I deliberately packed my stackmat away from my phone charger as that could be a bit suspicious...


----------



## HelpCube (Dec 30, 2009)

Musli4brekkies said:


> I deliberately packed my stackmat away from my phone charger as that could be a bit suspicious...



nice, the stackmat is highly exlosive ya know...


----------



## r_517 (Dec 30, 2009)

actually i'd worried about my rubix clock coz it really looked like a time bomb


----------



## CitricAcid (Dec 30, 2009)

LOLPICTURES

That's pretty ridiculous.


----------



## hyunchoi98 (Dec 30, 2009)

r_517 said:


> actually i'd worried about my rubix clock coz it really looked like a time bomb



Yeah, so does my rubik's calender cube.


----------



## cincyaviation (Dec 30, 2009)

you ARE allowed to bring you8 cubes on a plane, dont worry, although i was going through the preflight check in paris on my way home yesterday and the guy turned my v cube 7, i think he was confused...


----------



## CubeWoRm (Dec 30, 2009)

I'm flying on Monday, anyone confirm this?

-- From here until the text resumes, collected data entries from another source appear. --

(* Let $T:F\to E$ be a positive linear operator between Archimedean vector lattices, and assume that $F$ or $E$ has the $\sigma$-property. If $H$ is a sublattice of $F$ such that $T|_{H}$ is $\sigma$-order continuous, then $T|_{\overline{H}^{1}}$ and $T|_{\overline{H}}$ are $\sigma$-order continuous, where $\overline{H}^1$ and $\overline H$ are the adherence and the closure of $H$ with respect to the uniform convergence on $F$.
   Context: For $e\in F_+$, $F_e=\bigcup_{\lambda\ge0}\lambda[-e,e]$ with norm $\|f\|_e=\inf\{\lambda\ge0:|f|\le\lambda e\}$. A net $(f_\alpha)$ converges uniformly to $f$ if there is $e\in F_+$ with $f\in F_e$ and, for every $\varepsilon>0$, eventually $\|f_\alpha-f\|_e\le\varepsilon$ (in particular $f_\alpha\in F_e$). The (uniform) adherence $\overline{H}^1$ is the set of uniform limits of nets in $H$; a set is closed if it equals its adherence; $\overline H$ is the intersection of all closed sets containing $H$. A vector lattice has the $\sigma$-property if every countable subset is contained in a principal ideal $F_e$. For a sublattice $G\subset F$, $T|_G$ is $\sigma$-order continuous if for every sequence $(g_n)\subset G$ that is decreasing with infimum $0$ in $G$, the sequence $(Tg_n)$ decreases to $0_E$ (infimum $0$ in $E$). *)

From HB Require Import structures.
From mathcomp Require Import all_boot all_order all_algebra.
From mathcomp Require Import boolp classical_sets reals.
Set Implicit Arguments. Unset Strict Implicit. Unset Printing Implicit Defensive.
Import Order.TTheory GRing.Theory Num.Theory.
Local Open Scope ring_scope.
Local Open Scope classical_set_scope.

Definition is_sup {V : Type} (le : V -> V -> Prop) (x y s : V) : Prop :=
  [/\ le x s, le y s & forall u, le x u -> le y u -> le s u].

Definition is_inf {V : Type} (le : V -> V -> Prop) (x y s : V) : Prop :=
  [/\ le s x, le s y & forall u, le u x -> le u y -> le u s].

Definition vector_lattice (R : realType) (V : lmodType R)
  (le : V -> V -> Prop) : Prop :=
  (forall x, le x x) /\
  (forall x y, le x y -> le y x -> x = y) /\
  (forall x y z, le x y -> le y z -> le x z) /\
  (forall x y z, le x y -> le (x + z) (y + z)) /\
  (forall (a : R) x y, 0 <= a -> le x y -> le (a *: x) (a *: y)) /\
  (forall x y, exists s, is_sup le x y s).

Definition archimedean (R : realType) (V : lmodType R)
  (le : V -> V -> Prop) : Prop :=
  forall x y : V, le 0 x -> (forall n : nat, le (n%:R *: x) y) -> x = 0.

Definition abs_le (R : realType) (V : lmodType R) (le : V -> V -> Prop)
  (f g : V) : Prop :=
  forall s, is_sup le f (- f) s -> le s g.

Definition in_ideal (R : realType) (V : lmodType R) (le : V -> V -> Prop)
  (e f : V) : Prop :=
  exists lam : R, 0 <= lam /\ abs_le le f (lam *: e).

Definition enorm (R : realType) (V : lmodType R) (le : V -> V -> Prop)
  (e f : V) : R :=
  inf [set lam : R | 0 <= lam /\ abs_le le f (lam *: e)].

Definition sigma_property (R : realType) (V : lmodType R)
  (le : V -> V -> Prop) : Prop :=
  forall u : nat -> V, exists e, le 0 e /\ forall n, in_ideal le e (u n).

Definition directed (I : Type) (leI : I -> I -> Prop) : Prop :=
  [/\ inhabited I, (forall i, leI i i),
      (forall i j k, leI i j -> leI j k -> leI i k)
    & (forall i j, exists k, leI i k /\ leI j k)].

Definition uconv (R : realType) (V : lmodType R) (le : V -> V -> Prop)
  (I : Type) (leI : I -> I -> Prop) (x : I -> V) (f : V) : Prop :=
  exists e : V, [/\ le 0 e, in_ideal le e f &
    forall eps : R, 0 < eps -> exists i0 : I, forall i, leI i0 i ->
      in_ideal le e (x i - f) /\ enorm le e (x i - f) <= eps].

Definition adherence (R : realType) (V : lmodType R) (le : V -> V -> Prop)
  (H : set V) : set V :=
  [set f | exists (I : Type) (leI : I -> I -> Prop) (x : I -> V),
      [/\ directed leI, (forall i, H (x i)) & uconv le leI x f]].

Definition uclosed (R : realType) (V : lmodType R) (le : V -> V -> Prop)
  (S : set V) : Prop := adherence le S = S.

Definition uclosure (R : realType) (V : lmodType R) (le : V -> V -> Prop)
  (H : set V) : set V :=
  [set f | forall S : set V, H `<=` S -> uclosed le S -> S f].

Definition vector_sublattice (R : realType) (V : lmodType R)
  (le : V -> V -> Prop) (G : set V) : Prop :=
  [/\ G 0, (forall x y, G x -> G y -> G (x + y)),
      (forall (a : R) x, G x -> G (a *: x))
    & (forall x y s, G x -> G y -> is_sup le x y s -> G s)].

Definition sigma_oc (R : realType) (F E : lmodType R)
  (leF : F -> F -> Prop) (leE : E -> E -> Prop) (T : F -> E) (G : set F)
  : Prop :=
  forall g : nat -> F,
    (forall n, G (g n)) ->
    (forall n, leF (g n.+1) (g n)) ->
    (forall n, leF 0 (g n)) ->
    (forall u, G u -> (forall n, leF u (g n)) -> leF u 0) ->
    [/\ (forall n, leE (T (g n.+1)) (T (g n))),
        (forall n, leE 0 (T (g n)))
      & (forall u, (forall n, leE u (T (g n))) -> leE u 0)].

Definition positive_op (R : realType) (F E : lmodType R)
  (leF : F -> F -> Prop) (leE : E -> E -> Prop) (T : F -> E) : Prop :=
  forall x, leF 0 x -> leE 0 (T x).

(* Factor T = psi \o phi through positive operators, with phi : F -> W and W
   having the sigma-property (W = F and phi = id, or W = E and psi = id). Call f
   approximable if, for some z >= 0 in W and every eps > 0, there are a_j in H
   and C_n >= 0 with f - C_n <= a_0, ..., a_n, phi C_n <= eps z, and every
   common lower bound of the a_j^+ below f^+.
   If g_m decreases to 0 in G with H <= G <= approximable, merging the
   sequences approximating all g_m (with tolerances eps 2^-(m+1), made uniform
   by the sigma-property) and taking running infima of their positive parts
   gives k_t decreasing to 0 in H with g_t <= k_t + C_t and T C_t <= eps psi z;
   continuity on H and the Archimedean property of E then force inf T g_t = 0.
   Approximability also passes to uniform limits: if |x_k - f| <= 2^-(k+1) e,
   approximate f by the tail x_K, x_(K+1), ... whose total error is at most
   2^-K e, and use the Archimedean property of F for the condition on f^+.
   Hence the adherence and the closure of H are approximable. *)

From mathcomp Require Import all_boot all_order all_algebra.
From mathcomp Require Import boolp classical_sets reals.
From mathcomp Require Import lra zify.
From Stdlib Require Cantor.
Set Implicit Arguments. Unset Strict Implicit. Unset Printing Implicit Defensive.
Import Order.TTheory GRing.Theory Num.Theory.
Local Open Scope ring_scope.
Local Open Scope classical_set_scope.

Section VectorLattice.
Variables (R : realType) (V : lmodType R) (le : V -> V -> Prop).
Hypothesis vl : vector_lattice le.

Lemma vl_refl x : le x x.
Proof. by case: vl. Qed.

Lemma vl_trans x y z : le x y -> le y z -> le x z.
Proof. by case: vl => _ [_ [trans _]]; exact: trans. Qed.
Arguments vl_trans {x y z}.

Lemma vl_addr z x y : le x y -> le (x + z) (y + z).
Proof. by case: vl => _ [_ [_ [addr _]]]; exact: addr. Qed.

Lemma vl_scale (a : R) x y : 0 <= a -> le x y -> le (a *: x) (a *: y).
Proof. by case: vl => _ [_ [_ [_ [scale _]]]]; exact: scale. Qed.

Lemma vl_addl z x y : le x y -> le (z + x) (z + y).
Proof. by rewrite ![z + _]addrC; exact: vl_addr. Qed.

Lemma vl_add x y x' y' : le x y -> le x' y' -> le (x + x') (y + y').
Proof. by move=> h h'; exact: vl_trans (vl_addr x' h) (vl_addl y h'). Qed.

Lemma vl_addr_ge0 x y : le 0 y -> le x (x + y).
Proof. by rewrite -{1}[x]addr0; exact: vl_addl. Qed.

Lemma vl_lerBlDr x y z : le (x - y) z <-> le x (z + y).
Proof.
split=> [/(vl_addr y)|/(vl_addr (- y))]; first by rewrite subrK.
by rewrite addrK.
Qed.

Lemma vl_subr_ge0 x y : le 0 (y - x) <-> le x y.
Proof.
split=> [/vl_lerBlDr|h]; first by rewrite opprK add0r.
by apply/vl_lerBlDr; rewrite opprK add0r.
Qed.

Lemma vl_opp x y : le (- x) (- y) <-> le y x.
Proof.
split=> [|h]; last by apply/vl_subr_ge0; rewrite opprK addrC; exact/vl_subr_ge0.
by move/vl_subr_ge0; rewrite opprK addrC => /vl_subr_ge0.
Qed.

Lemma vl_scale_ge0 (a : R) x : 0 <= a -> le 0 x -> le 0 (a *: x).
Proof. by move=> a0 /(vl_scale a0); rewrite scaler0. Qed.

Lemma vl_scalel (a b : R) x : le 0 x -> a <= b -> le (a *: x) (b *: x).
Proof.
move=> x0 ab; apply/vl_subr_ge0; rewrite -scalerBl.
by apply: vl_scale_ge0; rewrite ?subr_ge0.
Qed.

Lemma vl_sup_ex x y : exists s, is_sup le x y s.
Proof. by case: vl => _ [_ [_ [_ [_ sup]]]]; exact: sup. Qed.

Definition vsup x y : V := projT1 (cid (vl_sup_ex x y)).

Lemma vsupP x y : is_sup le x y (vsup x y).
Proof. exact: projT2 (cid _). Qed.

Lemma le_vsupl x y : le x (vsup x y). Proof. by case: (vsupP x y). Qed.
Lemma le_vsupr x y : le y (vsup x y). Proof. by case: (vsupP x y). Qed.

Lemma vsup_le x y z : le (vsup x y) z <-> le x z /\ le y z.
Proof.
case: (vsupP x y) => hx hy lub.
by split=> [h|[]]; [split; [exact: vl_trans hx h | exact: vl_trans hy h] | exact: lub].
Qed.

Definition vinf x y := - vsup (- x) (- y).

Lemma le_vinfl x y : le (vinf x y) x.
Proof. by rewrite /vinf -[x in le _ x]opprK; apply/vl_opp; exact: le_vsupl. Qed.

Lemma le_vinfr x y : le (vinf x y) y.
Proof. by rewrite /vinf -[y in le _ y]opprK; apply/vl_opp; exact: le_vsupr. Qed.

Lemma le_vinf z x y : le z x -> le z y -> le z (vinf x y).
Proof.
by move=> zx zy; rewrite /vinf -[z]opprK; apply/vl_opp/vsup_le; split; exact/vl_opp.
Qed.

Definition vpos x := vsup x 0.

Lemma le_vpos x : le x (vpos x). Proof. exact: le_vsupl. Qed.
Lemma vpos_ge0 x : le 0 (vpos x). Proof. exact: le_vsupr. Qed.
Lemma vpos_le x z : le (vpos x) z <-> le x z /\ le 0 z. Proof. exact: vsup_le. Qed.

I want to bring my cubes! It's ok to have them in a checked bag right?


----------



## wrbcube4 (Dec 30, 2009)

CubeWoRm said:


> I'm flying on Monday, anyone confirm this? I want to bring my cubes! It's ok to have them in a checked bag right?



I sent TSA an email about it and I'm waiting for their response. I'll notify you of their answer.


----------



## Chaos2011 (Dec 30, 2009)

I just flew yesterday from New York to Texas and the only thing they had a problem with was my Touch Cube and that's only because it's a big electronic.

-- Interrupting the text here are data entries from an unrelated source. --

Lemma zeta_prim d : (0 < d)%N -> d.-primitive_root (zeta d).
Proof.
by move=> d_gt0; rewrite /zeta; case: C_prim_root_exists => z /=; rewrite prednK.
Qed.

Lemma norm_zetaX d k : (0 < d)%N -> `|zeta d ^+ k| = 1.
Proof.
move=> d_gt0; have zeta_d := zeta_prim d_gt0.
have : `|zeta d| ^+ d == 1 by rewrite -normrX prim_expr_order // normr1.
by rewrite normrX pexpr_eq1 // => /eqP ->; rewrite expr1n.
Qed.

Definition cycprod (N : nat) : {poly int} := \prod_(d <- iota 1 N) 'Phi_d.

Lemma cycprod_monic N : cycprod N \is monic.
Proof. by apply: monic_prod => d _; apply: Cyclotomic_monic. Qed.

Lemma map_cycprod N :
  map_poly intr (cycprod N)
  = \prod_(d <- iota 1 N) cyclotomic (zeta d) d :> {poly algC}.
Proof.
rewrite rmorph_prod; apply: eq_big_seq => d; rewrite mem_iota => /andP[d_gt0 _].
exact: Cintr_Cyclotomic (zeta_prim d_gt0).
Qed.

Lemma root_cycprod N d :
  (0 < d <= N)%N -> root (map_poly intr (cycprod N) : {poly algC}) (zeta d).
Proof.
move=> /andP[d_gt0 le_dN]; have d_in : d \in iota 1 N by rewrite mem_iota; lia.
rewrite map_cycprod (big_rem d d_in) rootM.
by rewrite (root_cyclotomic (zeta_prim d_gt0)) zeta_prim.
Qed.

Lemma binom_dominated_prod_cyclotomic (l : seq nat) N :
  (forall d, d \in l -> 0 < d <= N)%N ->
  exists2 n, (n <= size l * N)%N &
    binom_dominated (\prod_(d <- l) cyclotomic (zeta d) d) n.
Proof.
elim: l => [|d l IHl] l_range.
  by exists 0%N; rewrite // big_nil; apply: binom_dominated1.
have [n le_n dom_n] : exists2 n, (n <= size l * N)%N &
    binom_dominated (\prod_(d <- l) cyclotomic (zeta d) d) n.
  by apply: IHl => e e_in; apply: l_range; rewrite inE e_in orbT.
have /andP[d_gt0 le_dN] : (0 < d <= N)%N by apply: l_range; rewrite inE eqxx.
exists (n + count (fun k : 'I_d => coprime k d) (index_enum 'I_d))%N.
  rewrite mulSn addnC leq_add //; apply: leq_trans (count_size _ _) _.
  by rewrite /index_enum -enumT size_enum_ord.
rewrite big_cons mulrC /cyclotomic.
by apply: binom_dominated_mul_prodXsubC => // k; rewrite norm_zetaX.
Qed.

Lemma cycprod_coef_bound N : exists2 n, (n <= N * N)%N &
  (size (cycprod N) <= n.+1)%N /\ forall i, (absz ((cycprod N)`_i)%R <= 2 ^ n)%N.
Proof.
have [n le_n [size_n coef_n]] : exists2 n, (n <= size (iota 1 N) * N)%N &
    binom_dominated (\prod_(d <- iota 1 N) cyclotomic (zeta d) d) n.
  by apply: binom_dominated_prod_cyclotomic => d; rewrite mem_iota; lia.
rewrite size_iota in le_n; exists n => //; rewrite -map_cycprod in size_n coef_n.
split; first by rewrite size_map_inj_poly // in size_n; apply: intr_inj.
move=> i; apply: leq_trans (bin_leq_expn2 n i).
by have := coef_n i; rewrite coef_map /= -intr_norm -natr_absz ler_nat.
Qed.

Lemma cycprod_dvd_XnsubC N m : (0 < m)%N ->
  (forall d, (0 < d <= N)%N -> (d %| m)%N) ->
  exists q : {poly int}, 'X^m - 1 = cycprod N * q.
Proof.
move=> m_gt0 dvd_m; rewrite -prod_Cyclotomic // (bigID (fun d => (d <= N)%N)) /=.
eexists; congr (_ * _); rewrite -big_filter /cycprod; congr bigop.bigop.
apply: (irr_sorted_eq ltn_trans ltnn).
- by apply: sorted_filter; [apply: ltn_trans | apply: sorted_divisors_ltn].
- exact: iota_ltn_sorted.
move=> d; rewrite mem_filter mem_iota -dvdn_divisors //.
case: d => [|d]; first by rewrite dvd0n gtn_eqF.
by case: (leqP d.+1 N) => [le_dN|] /=; [rewrite dvd_m // le_dN | lia].
Qed.

Lemma coef_comp_scaleX (R : comNzRingType) (p : {poly R}) (c : R) i :
  (p \Po (c *: 'X))`_i = p`_i * c ^+ i.
Proof.
rewrite comp_polyE coef_sum.
under eq_bigr => j _ do rewrite exprZn scalerA coefZ coefXn.
have [lt_ip | le_pi] := ltnP i (size p).
  rewrite (bigD1 (Ordinal lt_ip)) //= eqxx mulr1 big1 ?addr0 // => j ne_ji.
  suff /negbTE -> : i != j by rewrite mulr0.
  by apply: contraNneq ne_ji => eq_ij; rewrite -val_eqE /= eq_ij.
rewrite (nth_default 0 le_pi) mul0r big1 // => j _.
by rewrite gtn_eqF ?mulr0 // (leq_trans (ltn_ord j) le_pi).
Qed.

Lemma polyHeight_leq (p : {poly int}) B : p != 0 ->
  (forall i, (absz (p`_i)%R <= B)%N) -> (polyHeight p <= B)%N.
Proof.
move=> p_neq0 coef_le; apply/bigmax_leqP => i _.
have c_neq0 : zcontents p != 0 by rewrite zcontents_eq0.
apply: leq_trans (coef_le i).
have := congr1 (fun q : {poly int} => absz q`_i) (zpolyEprim p).
rewrite /= coefZ abszM => ->.
by rewrite -{1}[absz _]mul1n leq_mul2r absz_gt0 c_neq0 orbT.
Qed.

I had my main 3x3, my old main 3x3, 3x3x4, mirror cube, square 1 and 2x2 :/


----------



## Edmund (Dec 30, 2009)

I always bring cubes. and they are always lubed. I've brought a mini screwdriver once but I'm guessing my days of that are over. I wasn't allowed to bring silicone spray on a plane though.


----------



## Muesli (Dec 30, 2009)

Guys. Cubes will be fine. There is nothing you could do with a cube that you can't do with your fists.


----------



## Hyprul 9-ty2 (Dec 30, 2009)

Musli4brekkies said:


> Guys. Cubes will be fine. There is nothing you could do with a cube that you can't do with your fists.



You can't. SOLVE. YOUR. FIRSTS.


----------



## TemurAmir (Dec 30, 2009)

http://www.chicagobreakingnews.com/2009/12/city-forsees-body-scanners-at-ohare-within-6-months.html


----------



## SuperNerd (Dec 30, 2009)

I remember once I brought a bunch of cubes (2x2-7x7) on a plane, and when my bag they were in went through they were staring at the monitor for like, 30 seconds thinking, "WTF?!?!?!", because on the monitors the core showed up funky or something like that.


----------



## Muesli (Dec 30, 2009)

What do you guys think?


----------



## shelley (Dec 30, 2009)

The last picture made me lol. I fly a lot and that's a scene I've witnessed a few times (though in my case the cube is solved, not scrambled )


----------



## Mike Hughey (Dec 30, 2009)

shelley said:


> The last picture made me lol. I fly a lot and that's a scene I've witnessed a few times (though in my case the cube is solved, not scrambled )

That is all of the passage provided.